Os convidados chegaram em diferentes horários. Uns batiam à porta bem antes do começo do evento, para botar a conversa em dia sem importunações. Outros carros estacionariam à frente da casa durante a execução do hino nacional.
Era possível notar dois grupos diferentes: os pachecos e os ranzinzas. De um lado, a torcida ferrenha pela seleção brasileira, com unhas roídas, gritos e emoção exagerada. Do outro, a risada sarcástica a cada reação ufanista, comentários sobre a alienação geracional, comparações entre patos amarelos e a seleção de verdade, como aquela de 2002, pois esses caras de hoje mal conhecem o futebol brasileiro.

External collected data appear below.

(* Let $R$ be a ring with identity, $(S,\leq)$ a strictly ordered monoid which is quasitotally ordered, and $\omega:S\to\mathrm{End}(R)$ a monoid homomorphism. Assume $R$ is $(S,\omega)$-Armendariz, and let $A=R[[S,\omega]]$. (1) If $A$ is a generalized right Baer ring, then $R$ is a generalized right Baer ring. (2) If moreover $R$ is $S$-compatible and $A$ is a generalized right quasi-Baer ring, then $R$ is a generalized right quasi-Baer ring.
   Context: All rings are associative with identity. For a nonempty subset $X$ of a ring $R$, $r_R(X)=\{a\in R : xa=0 \text{ for all } x\in X\}$ is its right annihilator, and for a positive integer $n$, $X^n$ denotes the set of all products $a_1a_2\cdots a_n$ with $a_i\in X$ for $1\le i\le n$. A ring $R$ is generalized right Baer if for every nonempty subset $X$ of $R$ there exist a positive integer $n$ (depending on $X$) and an idempotent $e\in R$ with $r_R(X^n)=eR$. A ring $R$ is generalized right quasi-Baer if for every right ideal $I$ of $R$ there exist a positive integer $n$ (depending on $I$) and an idempotent $e\in R$ with $r_R(I^n)=eR$. An ordered monoid $(S,\leq)$ is a monoid with a partial order such that $u\le v$ implies $ut\le vt$ and $tu\le tv$ for all $t\in S$; it is strictly ordered if $u<v$ implies $ut<vt$ and $tu<tv$ for all $t\in S$. It is quasitotally ordered if $\leq$ can be refined to an order $\preceq$ with respect to which $S$ is a strictly totally ordered monoid. A subset of $S$ is artinian if every strictly decreasing sequence in it is finite, and narrow if every subset of pairwise incomparable elements is finite. Given a ring $R$, a strictly ordered monoid $(S,\le)$ and a monoid homomorphism $\omega:S\to\mathrm{End}(R)$, $s\mapsto\omega_s$, the ring of skew generalized power series $R[[S,\omega]]$ is the set of all maps $f:S\to R$ whose support $\mathrm{supp}(f)=\{s\in S: f(s)\neq 0\}$ is artinian and narrow, with pointwise addition and multiplication $(fg)(s)=\sum_{(u,v)\in X_s(f,g)} f(u)\,\omega_u(g(v))$, where $X_s(f,g)=\{(u,v)\in S\times S: uv=s,\ f(u)\ne0,\ g(v)\ne0\}$ (a finite set; an empty sum is $0$). An endomorphism $\sigma$ of $R$ is compatible if for all $a,b\in R$: $ab=0 \iff a\sigma(b)=0$. $R$ is $S$-compatible if $\omega_s$ is compatible for every $s\in S$. $R$ is $(S,\omega)$-Armendariz if whenever $f,g\in R[[S,\omega]]$ satisfy $fg=0$, then $f(s)\,\omega_s(g(t))=0$ for all $s,t\in S$. *)

From HB Require Import structures.
From mathcomp Require Import all_boot all_order all_algebra.
From mathcomp Require Import boolp classical_sets cardinality fsbigop.
Set Implicit Arguments. Unset Strict Implicit. Unset Printing Implicit Defensive.
Import GRing.Theory.
Local Open Scope classical_set_scope.
Local Open Scope ring_scope.

Section RingNotions.
Variables (T : Type) (P : set T) (add mul : T -> T -> T) (opp : T -> T)
  (zero : T).

Definition rann (X : set T) : set T :=
  [set a | P a /\ forall x, X x -> mul x a = zero].

(* X^(n.+1) : products a_1 ... a_(n+1) with a_i in X *)
Fixpoint setpow (X : set T) (n : nat) : set T :=
  match n with
  | 0 => X
  | n'.+1 => [set c | exists a b, X a /\ setpow X n' b /\ c = mul a b]
  end.

Definition idem (e : T) := P e /\ mul e e = e.

Definition prin_right (e : T) : set T :=
  [set b | exists r, P r /\ b = mul e r].

Definition right_ideal (I : set T) : Prop :=
  I `<=` P /\ I zero /\ (forall x y, I x -> I y -> I (add x y)) /\
  (forall x, I x -> I (opp x)) /\ (forall x r, I x -> P r -> I (mul x r)).

Definition gen_right_Baer : Prop :=
  forall X : set T, X `<=` P -> X !=set0 ->
    exists n : nat, exists e : T, idem e /\ rann (setpow X n) = prin_right e.

Definition gen_right_quasi_Baer : Prop :=
  forall I : set T, right_ideal I ->
    exists n : nat, exists e : T, idem e /\ rann (setpow I n) = prin_right e.
End RingNotions.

Todos torciam pela vitória da churrasqueira. E era com ela que eu me importava. A fome de domingo crescia. Acordei cedo para ver os jogos, vi programas, análises do andamento da Copa, projeções, essas coisas.
O cheiro do churrasco aromatizava os papos. Uns se recusavam a torcer por aquele time da camisa amarela. Outros viam nessa atitude uma afronta ao patriotismo. Houve quem dissesse que todo nacionalismo é retrógrado. Cheguei a ouvir que o ufanismo é necessário, especialmente nesses tempos de autoestima brasileira abaixo de zero.
Evitei concordar ou discordar. Se me perguntavam, balançava a cabeça e enrolava o suficiente para que mudassem de assunto. E a carne não saía. Sou aquele tipo de gente que não forra o estômago com farofa, maionese e arroz com legumes antes da carne. Meus princípios alimentares impedem que belisque um petisco aqui e outro ali.
Minha torcida mesmo era pelo churrasco. Pouco me importava com o resultado do jogo, a bem da verdade. Tanto faz o campo, a Rússia, o Tite. Queria mesmo era ver a faca fazendo escorrer o sangue, meus dentes cortando os pedaços selecionados no prato, estômago cheio como a expressão da felicidade de um gol em final de Copa do Mundo.
O burburinho continuava. Olhei para o churrasqueiro e percebi um olhar diferente. Ele tirou uns espetos e os colocou em cima da forma. Aproveitei a distração sobre as grandes seleções brasileiras de todos os tempos, a CBF e os dirigentes presos, as táticas, os prognósticos dos especialistas sem espaço nos programas esportivos. Saí pela esquerda, como de costume.
A carne já estava fatiada, escolhi com o garfo os melhores pedaços. Fui atrás do arroz, farofa, maionese e uma latinha de cerveja. Percebendo que já era hora, a fila se formou diante da churrasqueira. A campainha tocou, abriram a porta. Os que olhavam para a TV durante o hino perderiam os melhores pedaços.
No apito inicial, fez-se o silêncio, só interrompido nos lances agudos.